### RAW DATA
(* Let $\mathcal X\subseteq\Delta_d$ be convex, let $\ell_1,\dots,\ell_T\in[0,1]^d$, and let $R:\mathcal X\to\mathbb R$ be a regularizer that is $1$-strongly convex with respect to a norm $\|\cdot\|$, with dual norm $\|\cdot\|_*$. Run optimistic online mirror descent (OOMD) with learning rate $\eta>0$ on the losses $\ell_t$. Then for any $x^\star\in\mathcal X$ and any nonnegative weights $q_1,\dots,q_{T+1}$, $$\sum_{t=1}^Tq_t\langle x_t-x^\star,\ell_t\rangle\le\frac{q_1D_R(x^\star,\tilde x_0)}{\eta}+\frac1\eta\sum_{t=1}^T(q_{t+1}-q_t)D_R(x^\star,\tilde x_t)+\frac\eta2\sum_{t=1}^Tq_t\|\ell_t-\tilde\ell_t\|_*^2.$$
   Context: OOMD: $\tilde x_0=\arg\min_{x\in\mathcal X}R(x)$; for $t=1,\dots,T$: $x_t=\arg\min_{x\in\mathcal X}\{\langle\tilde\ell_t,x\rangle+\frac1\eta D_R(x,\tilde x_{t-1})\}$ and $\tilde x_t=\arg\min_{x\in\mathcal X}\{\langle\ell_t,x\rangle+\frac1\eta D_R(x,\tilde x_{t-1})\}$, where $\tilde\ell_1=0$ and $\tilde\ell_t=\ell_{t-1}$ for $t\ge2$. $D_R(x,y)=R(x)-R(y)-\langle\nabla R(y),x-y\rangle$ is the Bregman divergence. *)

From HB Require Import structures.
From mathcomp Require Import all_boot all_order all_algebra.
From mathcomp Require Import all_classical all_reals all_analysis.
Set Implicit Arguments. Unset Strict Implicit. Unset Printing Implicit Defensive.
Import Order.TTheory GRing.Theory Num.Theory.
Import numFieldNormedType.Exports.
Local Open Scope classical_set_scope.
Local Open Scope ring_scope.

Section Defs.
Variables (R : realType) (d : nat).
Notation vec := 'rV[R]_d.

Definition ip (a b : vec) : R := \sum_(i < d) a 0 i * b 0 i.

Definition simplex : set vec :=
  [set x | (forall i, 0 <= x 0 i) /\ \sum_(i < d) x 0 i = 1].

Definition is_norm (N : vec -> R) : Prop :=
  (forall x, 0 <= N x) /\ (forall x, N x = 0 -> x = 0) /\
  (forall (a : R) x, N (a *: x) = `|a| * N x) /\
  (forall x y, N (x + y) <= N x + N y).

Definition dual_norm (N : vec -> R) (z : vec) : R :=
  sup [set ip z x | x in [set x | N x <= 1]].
######
### RAW DATA
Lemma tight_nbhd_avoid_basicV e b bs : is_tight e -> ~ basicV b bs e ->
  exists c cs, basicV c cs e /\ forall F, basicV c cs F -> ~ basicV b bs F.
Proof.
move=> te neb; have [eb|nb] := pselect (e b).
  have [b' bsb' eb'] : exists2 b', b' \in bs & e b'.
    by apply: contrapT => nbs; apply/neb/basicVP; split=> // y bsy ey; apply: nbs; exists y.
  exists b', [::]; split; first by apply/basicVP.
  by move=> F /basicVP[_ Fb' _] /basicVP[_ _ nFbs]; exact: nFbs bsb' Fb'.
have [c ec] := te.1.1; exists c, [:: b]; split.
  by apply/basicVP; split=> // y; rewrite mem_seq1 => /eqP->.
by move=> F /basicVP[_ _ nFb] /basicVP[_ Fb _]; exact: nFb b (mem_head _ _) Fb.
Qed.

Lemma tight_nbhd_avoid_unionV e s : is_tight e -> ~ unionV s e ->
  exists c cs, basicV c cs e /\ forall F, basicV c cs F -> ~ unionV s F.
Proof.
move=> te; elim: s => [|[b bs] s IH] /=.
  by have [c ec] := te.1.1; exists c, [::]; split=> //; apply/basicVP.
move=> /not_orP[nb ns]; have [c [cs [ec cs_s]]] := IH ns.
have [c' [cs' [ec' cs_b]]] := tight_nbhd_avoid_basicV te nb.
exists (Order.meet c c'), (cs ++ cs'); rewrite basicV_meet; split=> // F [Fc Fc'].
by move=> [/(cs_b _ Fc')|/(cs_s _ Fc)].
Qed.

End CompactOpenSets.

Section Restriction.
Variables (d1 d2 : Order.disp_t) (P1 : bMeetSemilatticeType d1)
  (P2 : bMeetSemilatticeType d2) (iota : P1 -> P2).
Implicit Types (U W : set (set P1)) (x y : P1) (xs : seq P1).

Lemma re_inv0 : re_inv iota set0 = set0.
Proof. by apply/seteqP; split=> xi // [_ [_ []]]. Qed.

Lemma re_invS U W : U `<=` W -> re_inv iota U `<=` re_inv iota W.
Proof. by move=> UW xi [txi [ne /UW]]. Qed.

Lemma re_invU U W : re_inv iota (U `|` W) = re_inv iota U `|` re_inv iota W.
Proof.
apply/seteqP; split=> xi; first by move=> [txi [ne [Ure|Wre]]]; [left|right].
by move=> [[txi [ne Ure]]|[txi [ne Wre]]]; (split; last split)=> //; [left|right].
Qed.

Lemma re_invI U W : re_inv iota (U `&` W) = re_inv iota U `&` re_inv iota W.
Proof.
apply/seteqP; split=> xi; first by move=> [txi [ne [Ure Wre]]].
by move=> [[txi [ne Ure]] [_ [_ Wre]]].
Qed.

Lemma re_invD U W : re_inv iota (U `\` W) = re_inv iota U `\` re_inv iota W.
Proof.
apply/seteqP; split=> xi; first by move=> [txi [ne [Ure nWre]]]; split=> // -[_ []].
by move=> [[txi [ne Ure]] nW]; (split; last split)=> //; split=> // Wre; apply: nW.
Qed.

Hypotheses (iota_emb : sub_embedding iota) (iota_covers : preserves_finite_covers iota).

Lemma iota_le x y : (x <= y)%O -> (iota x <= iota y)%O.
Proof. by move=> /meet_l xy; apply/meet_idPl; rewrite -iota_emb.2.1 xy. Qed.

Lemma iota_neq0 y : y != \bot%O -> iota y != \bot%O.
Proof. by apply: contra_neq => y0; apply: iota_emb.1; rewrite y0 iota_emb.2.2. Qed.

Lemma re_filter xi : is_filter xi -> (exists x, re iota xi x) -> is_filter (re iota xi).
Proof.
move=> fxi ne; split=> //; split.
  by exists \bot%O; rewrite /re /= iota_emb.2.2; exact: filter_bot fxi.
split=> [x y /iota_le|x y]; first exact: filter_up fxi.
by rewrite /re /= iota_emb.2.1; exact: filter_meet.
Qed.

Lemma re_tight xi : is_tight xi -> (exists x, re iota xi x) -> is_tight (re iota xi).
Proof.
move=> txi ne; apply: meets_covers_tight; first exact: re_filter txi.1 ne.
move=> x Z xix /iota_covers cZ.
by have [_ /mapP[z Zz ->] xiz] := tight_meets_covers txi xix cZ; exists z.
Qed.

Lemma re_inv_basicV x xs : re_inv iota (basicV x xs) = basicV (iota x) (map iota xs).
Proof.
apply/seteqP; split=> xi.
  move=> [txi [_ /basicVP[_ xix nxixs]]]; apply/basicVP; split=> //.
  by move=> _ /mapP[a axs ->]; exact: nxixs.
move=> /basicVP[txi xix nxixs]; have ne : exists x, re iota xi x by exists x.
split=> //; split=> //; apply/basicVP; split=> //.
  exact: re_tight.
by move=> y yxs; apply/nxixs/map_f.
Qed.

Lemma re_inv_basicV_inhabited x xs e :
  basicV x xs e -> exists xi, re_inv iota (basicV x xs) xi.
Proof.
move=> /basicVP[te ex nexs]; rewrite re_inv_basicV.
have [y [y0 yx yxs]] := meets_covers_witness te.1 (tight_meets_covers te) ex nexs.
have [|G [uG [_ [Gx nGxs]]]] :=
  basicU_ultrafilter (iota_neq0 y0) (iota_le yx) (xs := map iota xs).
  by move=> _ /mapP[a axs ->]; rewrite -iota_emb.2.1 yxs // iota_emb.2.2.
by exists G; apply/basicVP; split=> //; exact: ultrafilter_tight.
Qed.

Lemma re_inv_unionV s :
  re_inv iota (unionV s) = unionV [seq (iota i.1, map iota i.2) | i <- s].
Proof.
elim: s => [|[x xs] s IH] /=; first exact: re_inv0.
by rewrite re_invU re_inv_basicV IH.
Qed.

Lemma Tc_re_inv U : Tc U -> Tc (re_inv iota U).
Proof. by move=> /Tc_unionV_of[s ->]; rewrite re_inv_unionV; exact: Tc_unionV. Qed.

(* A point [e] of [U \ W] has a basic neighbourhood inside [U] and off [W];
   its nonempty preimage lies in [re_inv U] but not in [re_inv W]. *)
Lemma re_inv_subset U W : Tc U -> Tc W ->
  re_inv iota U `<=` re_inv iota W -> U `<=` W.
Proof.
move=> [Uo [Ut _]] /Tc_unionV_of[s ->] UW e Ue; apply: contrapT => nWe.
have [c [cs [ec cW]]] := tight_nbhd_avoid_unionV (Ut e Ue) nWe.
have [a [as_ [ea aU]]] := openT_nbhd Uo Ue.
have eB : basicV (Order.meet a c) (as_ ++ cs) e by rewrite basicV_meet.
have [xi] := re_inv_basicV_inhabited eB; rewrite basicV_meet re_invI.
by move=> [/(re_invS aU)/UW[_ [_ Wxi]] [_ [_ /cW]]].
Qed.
######
EXERCISE OBJECTIVE => All lines in the listing above between the line with "(* Let $\mathcal" and the line with "Definition is_norm (N", inclusive, should be set down exactly, and no line outside that range.

ANSWER SECTION =>
(* Let $\mathcal X\subseteq\Delta_d$ be convex, let $\ell_1,\dots,\ell_T\in[0,1]^d$, and let $R:\mathcal X\to\mathbb R$ be a regularizer that is $1$-strongly convex with respect to a norm $\|\cdot\|$, with dual norm $\|\cdot\|_*$. Run optimistic online mirror descent (OOMD) with learning rate $\eta>0$ on the losses $\ell_t$. Then for any $x^\star\in\mathcal X$ and any nonnegative weights $q_1,\dots,q_{T+1}$, $$\sum_{t=1}^Tq_t\langle x_t-x^\star,\ell_t\rangle\le\frac{q_1D_R(x^\star,\tilde x_0)}{\eta}+\frac1\eta\sum_{t=1}^T(q_{t+1}-q_t)D_R(x^\star,\tilde x_t)+\frac\eta2\sum_{t=1}^Tq_t\|\ell_t-\tilde\ell_t\|_*^2.$$
   Context: OOMD: $\tilde x_0=\arg\min_{x\in\mathcal X}R(x)$; for $t=1,\dots,T$: $x_t=\arg\min_{x\in\mathcal X}\{\langle\tilde\ell_t,x\rangle+\frac1\eta D_R(x,\tilde x_{t-1})\}$ and $\tilde x_t=\arg\min_{x\in\mathcal X}\{\langle\ell_t,x\rangle+\frac1\eta D_R(x,\tilde x_{t-1})\}$, where $\tilde\ell_1=0$ and $\tilde\ell_t=\ell_{t-1}$ for $t\ge2$. $D_R(x,y)=R(x)-R(y)-\langle\nabla R(y),x-y\rangle$ is the Bregman divergence. *)

From HB Require Import structures.
From mathcomp Require Import all_boot all_order all_algebra.
From mathcomp Require Import all_classical all_reals all_analysis.
Set Implicit Arguments. Unset Strict Implicit. Unset Printing Implicit Defensive.
Import Order.TTheory GRing.Theory Num.Theory.
Import numFieldNormedType.Exports.
Local Open Scope classical_set_scope.
Local Open Scope ring_scope.

Section Defs.
Variables (R : realType) (d : nat).
Notation vec := 'rV[R]_d.

Definition ip (a b : vec) : R := \sum_(i < d) a 0 i * b 0 i.

Definition simplex : set vec :=
  [set x | (forall i, 0 <= x 0 i) /\ \sum_(i < d) x 0 i = 1].

Definition is_norm (N : vec -> R) : Prop :=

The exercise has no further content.